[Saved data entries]
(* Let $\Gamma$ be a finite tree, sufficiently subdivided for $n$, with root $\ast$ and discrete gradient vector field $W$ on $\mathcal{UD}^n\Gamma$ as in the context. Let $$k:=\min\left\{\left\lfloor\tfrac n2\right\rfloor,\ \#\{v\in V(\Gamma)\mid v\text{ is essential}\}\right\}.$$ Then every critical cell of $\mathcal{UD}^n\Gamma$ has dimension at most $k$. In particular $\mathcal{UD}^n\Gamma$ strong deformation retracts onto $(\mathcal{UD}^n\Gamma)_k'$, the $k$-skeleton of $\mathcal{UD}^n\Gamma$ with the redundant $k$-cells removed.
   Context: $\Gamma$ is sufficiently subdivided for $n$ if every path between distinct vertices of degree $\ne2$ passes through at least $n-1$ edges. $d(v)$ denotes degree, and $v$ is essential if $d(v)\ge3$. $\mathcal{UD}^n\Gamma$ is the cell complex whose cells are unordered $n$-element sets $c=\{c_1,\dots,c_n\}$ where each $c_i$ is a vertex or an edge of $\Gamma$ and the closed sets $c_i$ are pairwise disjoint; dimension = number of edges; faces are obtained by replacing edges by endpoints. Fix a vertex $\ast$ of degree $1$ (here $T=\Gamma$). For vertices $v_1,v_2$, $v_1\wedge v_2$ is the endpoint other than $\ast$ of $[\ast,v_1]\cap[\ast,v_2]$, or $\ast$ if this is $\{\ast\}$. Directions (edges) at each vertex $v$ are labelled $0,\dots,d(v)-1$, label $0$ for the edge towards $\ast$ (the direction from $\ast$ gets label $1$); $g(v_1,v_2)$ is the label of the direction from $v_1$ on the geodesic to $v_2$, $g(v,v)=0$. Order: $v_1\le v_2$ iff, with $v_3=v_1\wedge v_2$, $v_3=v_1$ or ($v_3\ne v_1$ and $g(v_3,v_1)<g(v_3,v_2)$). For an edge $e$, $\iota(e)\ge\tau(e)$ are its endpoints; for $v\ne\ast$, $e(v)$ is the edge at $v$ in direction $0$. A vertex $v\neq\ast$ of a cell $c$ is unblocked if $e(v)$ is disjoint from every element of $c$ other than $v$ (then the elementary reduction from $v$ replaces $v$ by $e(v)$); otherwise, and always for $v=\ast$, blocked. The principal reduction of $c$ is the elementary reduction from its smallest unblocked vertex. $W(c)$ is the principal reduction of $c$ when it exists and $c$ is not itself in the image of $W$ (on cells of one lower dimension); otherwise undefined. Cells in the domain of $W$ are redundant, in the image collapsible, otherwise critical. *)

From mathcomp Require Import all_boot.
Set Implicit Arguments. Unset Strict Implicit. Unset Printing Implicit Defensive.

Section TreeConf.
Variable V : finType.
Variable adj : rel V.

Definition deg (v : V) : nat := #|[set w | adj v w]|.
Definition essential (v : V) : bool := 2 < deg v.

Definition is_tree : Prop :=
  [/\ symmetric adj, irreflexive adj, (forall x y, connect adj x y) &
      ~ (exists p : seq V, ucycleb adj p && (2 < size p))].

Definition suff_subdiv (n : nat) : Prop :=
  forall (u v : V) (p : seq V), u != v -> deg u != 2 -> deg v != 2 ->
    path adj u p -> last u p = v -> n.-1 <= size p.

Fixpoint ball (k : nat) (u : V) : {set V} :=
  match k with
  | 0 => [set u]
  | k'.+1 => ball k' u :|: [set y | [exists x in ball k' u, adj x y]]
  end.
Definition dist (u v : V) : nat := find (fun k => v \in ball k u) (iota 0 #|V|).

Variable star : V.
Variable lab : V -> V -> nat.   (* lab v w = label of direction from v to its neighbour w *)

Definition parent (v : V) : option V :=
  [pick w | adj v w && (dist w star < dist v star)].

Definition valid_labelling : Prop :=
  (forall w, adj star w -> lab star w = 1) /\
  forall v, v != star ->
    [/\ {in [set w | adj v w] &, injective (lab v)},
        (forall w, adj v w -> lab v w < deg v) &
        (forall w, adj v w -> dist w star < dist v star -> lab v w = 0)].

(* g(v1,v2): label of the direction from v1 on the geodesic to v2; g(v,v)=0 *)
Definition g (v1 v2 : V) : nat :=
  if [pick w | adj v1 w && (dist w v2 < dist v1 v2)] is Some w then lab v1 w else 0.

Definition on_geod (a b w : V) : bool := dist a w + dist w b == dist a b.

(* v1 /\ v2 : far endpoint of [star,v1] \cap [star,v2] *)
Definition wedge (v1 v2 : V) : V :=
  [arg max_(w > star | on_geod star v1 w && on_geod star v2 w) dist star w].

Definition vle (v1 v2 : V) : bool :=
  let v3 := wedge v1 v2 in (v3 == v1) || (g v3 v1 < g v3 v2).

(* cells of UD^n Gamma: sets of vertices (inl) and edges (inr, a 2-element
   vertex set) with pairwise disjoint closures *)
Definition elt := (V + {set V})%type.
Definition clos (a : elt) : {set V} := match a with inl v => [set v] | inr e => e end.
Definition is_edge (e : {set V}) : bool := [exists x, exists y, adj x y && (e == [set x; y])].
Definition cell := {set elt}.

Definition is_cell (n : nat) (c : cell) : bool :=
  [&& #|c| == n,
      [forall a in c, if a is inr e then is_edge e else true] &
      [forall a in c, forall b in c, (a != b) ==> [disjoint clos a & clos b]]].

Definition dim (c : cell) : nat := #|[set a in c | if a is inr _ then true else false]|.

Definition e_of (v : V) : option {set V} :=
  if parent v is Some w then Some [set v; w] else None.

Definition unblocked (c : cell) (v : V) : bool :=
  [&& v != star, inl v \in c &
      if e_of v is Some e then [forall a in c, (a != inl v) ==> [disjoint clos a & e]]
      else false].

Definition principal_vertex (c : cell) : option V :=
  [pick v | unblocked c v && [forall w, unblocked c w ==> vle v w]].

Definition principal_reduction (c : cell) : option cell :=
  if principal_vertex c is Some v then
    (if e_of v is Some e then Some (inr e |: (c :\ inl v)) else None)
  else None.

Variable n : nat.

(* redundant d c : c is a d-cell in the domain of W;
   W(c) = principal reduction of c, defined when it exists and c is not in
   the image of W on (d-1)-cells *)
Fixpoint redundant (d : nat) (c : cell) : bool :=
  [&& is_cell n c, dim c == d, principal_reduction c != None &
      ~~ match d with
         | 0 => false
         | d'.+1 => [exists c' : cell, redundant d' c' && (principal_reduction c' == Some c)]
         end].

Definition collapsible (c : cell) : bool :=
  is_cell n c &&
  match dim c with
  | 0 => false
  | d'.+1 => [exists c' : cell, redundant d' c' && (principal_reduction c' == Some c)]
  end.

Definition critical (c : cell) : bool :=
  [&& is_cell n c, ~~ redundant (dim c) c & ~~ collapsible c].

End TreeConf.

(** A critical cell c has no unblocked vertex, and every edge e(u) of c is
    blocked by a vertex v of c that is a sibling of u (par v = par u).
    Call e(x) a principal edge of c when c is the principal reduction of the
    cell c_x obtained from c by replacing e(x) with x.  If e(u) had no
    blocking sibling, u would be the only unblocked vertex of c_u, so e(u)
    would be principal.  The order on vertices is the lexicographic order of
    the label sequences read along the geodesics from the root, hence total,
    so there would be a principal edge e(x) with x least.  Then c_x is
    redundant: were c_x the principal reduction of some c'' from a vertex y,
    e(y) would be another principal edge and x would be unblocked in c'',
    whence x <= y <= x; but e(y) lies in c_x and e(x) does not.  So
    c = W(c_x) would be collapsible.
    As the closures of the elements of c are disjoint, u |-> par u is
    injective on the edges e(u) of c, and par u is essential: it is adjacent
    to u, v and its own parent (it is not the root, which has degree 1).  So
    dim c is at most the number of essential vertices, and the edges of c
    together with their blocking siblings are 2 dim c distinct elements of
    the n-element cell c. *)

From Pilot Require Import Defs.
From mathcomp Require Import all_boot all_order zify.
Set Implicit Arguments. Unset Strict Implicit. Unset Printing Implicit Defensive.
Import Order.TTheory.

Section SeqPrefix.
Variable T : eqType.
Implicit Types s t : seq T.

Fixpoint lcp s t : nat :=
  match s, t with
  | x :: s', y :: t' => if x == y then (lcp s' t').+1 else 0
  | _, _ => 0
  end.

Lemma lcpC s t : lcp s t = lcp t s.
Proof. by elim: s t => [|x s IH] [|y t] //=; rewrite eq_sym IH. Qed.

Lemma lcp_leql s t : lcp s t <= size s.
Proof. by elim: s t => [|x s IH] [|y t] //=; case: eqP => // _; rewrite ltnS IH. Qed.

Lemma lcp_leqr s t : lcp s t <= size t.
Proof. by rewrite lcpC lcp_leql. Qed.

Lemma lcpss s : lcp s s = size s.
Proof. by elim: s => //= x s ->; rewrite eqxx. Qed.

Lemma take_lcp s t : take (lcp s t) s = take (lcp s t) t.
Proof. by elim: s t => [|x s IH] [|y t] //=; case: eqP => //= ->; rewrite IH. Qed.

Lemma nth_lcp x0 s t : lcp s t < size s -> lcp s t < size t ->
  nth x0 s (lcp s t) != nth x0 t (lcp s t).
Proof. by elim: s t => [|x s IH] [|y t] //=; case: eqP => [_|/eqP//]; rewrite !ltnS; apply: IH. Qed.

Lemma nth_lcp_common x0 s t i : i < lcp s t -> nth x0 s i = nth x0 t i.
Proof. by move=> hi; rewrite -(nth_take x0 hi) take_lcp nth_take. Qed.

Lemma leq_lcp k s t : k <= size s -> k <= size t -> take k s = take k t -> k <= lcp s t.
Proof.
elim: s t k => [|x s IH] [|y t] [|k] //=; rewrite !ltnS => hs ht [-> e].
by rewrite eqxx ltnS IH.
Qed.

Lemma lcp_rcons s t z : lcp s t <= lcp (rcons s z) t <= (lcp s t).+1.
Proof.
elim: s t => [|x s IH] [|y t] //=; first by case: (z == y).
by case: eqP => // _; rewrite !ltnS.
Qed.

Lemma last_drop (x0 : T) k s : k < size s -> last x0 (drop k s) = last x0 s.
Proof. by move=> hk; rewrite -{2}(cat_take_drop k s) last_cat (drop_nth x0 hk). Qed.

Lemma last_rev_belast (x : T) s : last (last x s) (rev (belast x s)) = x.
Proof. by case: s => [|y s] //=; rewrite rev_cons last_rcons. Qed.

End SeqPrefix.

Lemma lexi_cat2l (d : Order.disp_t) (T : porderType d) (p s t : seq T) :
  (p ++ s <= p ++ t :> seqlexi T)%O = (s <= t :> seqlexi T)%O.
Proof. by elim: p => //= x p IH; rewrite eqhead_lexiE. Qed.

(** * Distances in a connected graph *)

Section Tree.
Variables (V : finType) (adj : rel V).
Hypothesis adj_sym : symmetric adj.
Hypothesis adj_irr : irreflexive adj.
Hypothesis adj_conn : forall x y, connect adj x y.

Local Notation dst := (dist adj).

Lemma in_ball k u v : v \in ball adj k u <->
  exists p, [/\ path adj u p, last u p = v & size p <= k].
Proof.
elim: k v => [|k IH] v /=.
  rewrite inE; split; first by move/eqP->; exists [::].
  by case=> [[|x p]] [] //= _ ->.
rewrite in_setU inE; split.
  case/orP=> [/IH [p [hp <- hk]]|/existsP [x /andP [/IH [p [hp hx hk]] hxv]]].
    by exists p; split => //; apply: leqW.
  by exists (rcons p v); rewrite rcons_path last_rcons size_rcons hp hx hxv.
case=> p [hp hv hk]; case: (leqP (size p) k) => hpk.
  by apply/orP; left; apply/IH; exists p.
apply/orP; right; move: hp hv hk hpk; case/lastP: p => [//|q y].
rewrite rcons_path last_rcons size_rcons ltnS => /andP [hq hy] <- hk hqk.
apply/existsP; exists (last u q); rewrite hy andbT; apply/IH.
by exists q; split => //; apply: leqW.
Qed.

Assigned task: From the records above, print only the lines between the one holding "Variable star : V." and the one holding "(forall w, adj v w -> lab", inclusive, exactly as they stand.

Output for this task:
Variable star : V.
Variable lab : V -> V -> nat.   (* lab v w = label of direction from v to its neighbour w *)

Definition parent (v : V) : option V :=
  [pick w | adj v w && (dist w star < dist v star)].

Definition valid_labelling : Prop :=
  (forall w, adj star w -> lab star w = 1) /\
  forall v, v != star ->
    [/\ {in [set w | adj v w] &, injective (lab v)},
        (forall w, adj v w -> lab v w < deg v) &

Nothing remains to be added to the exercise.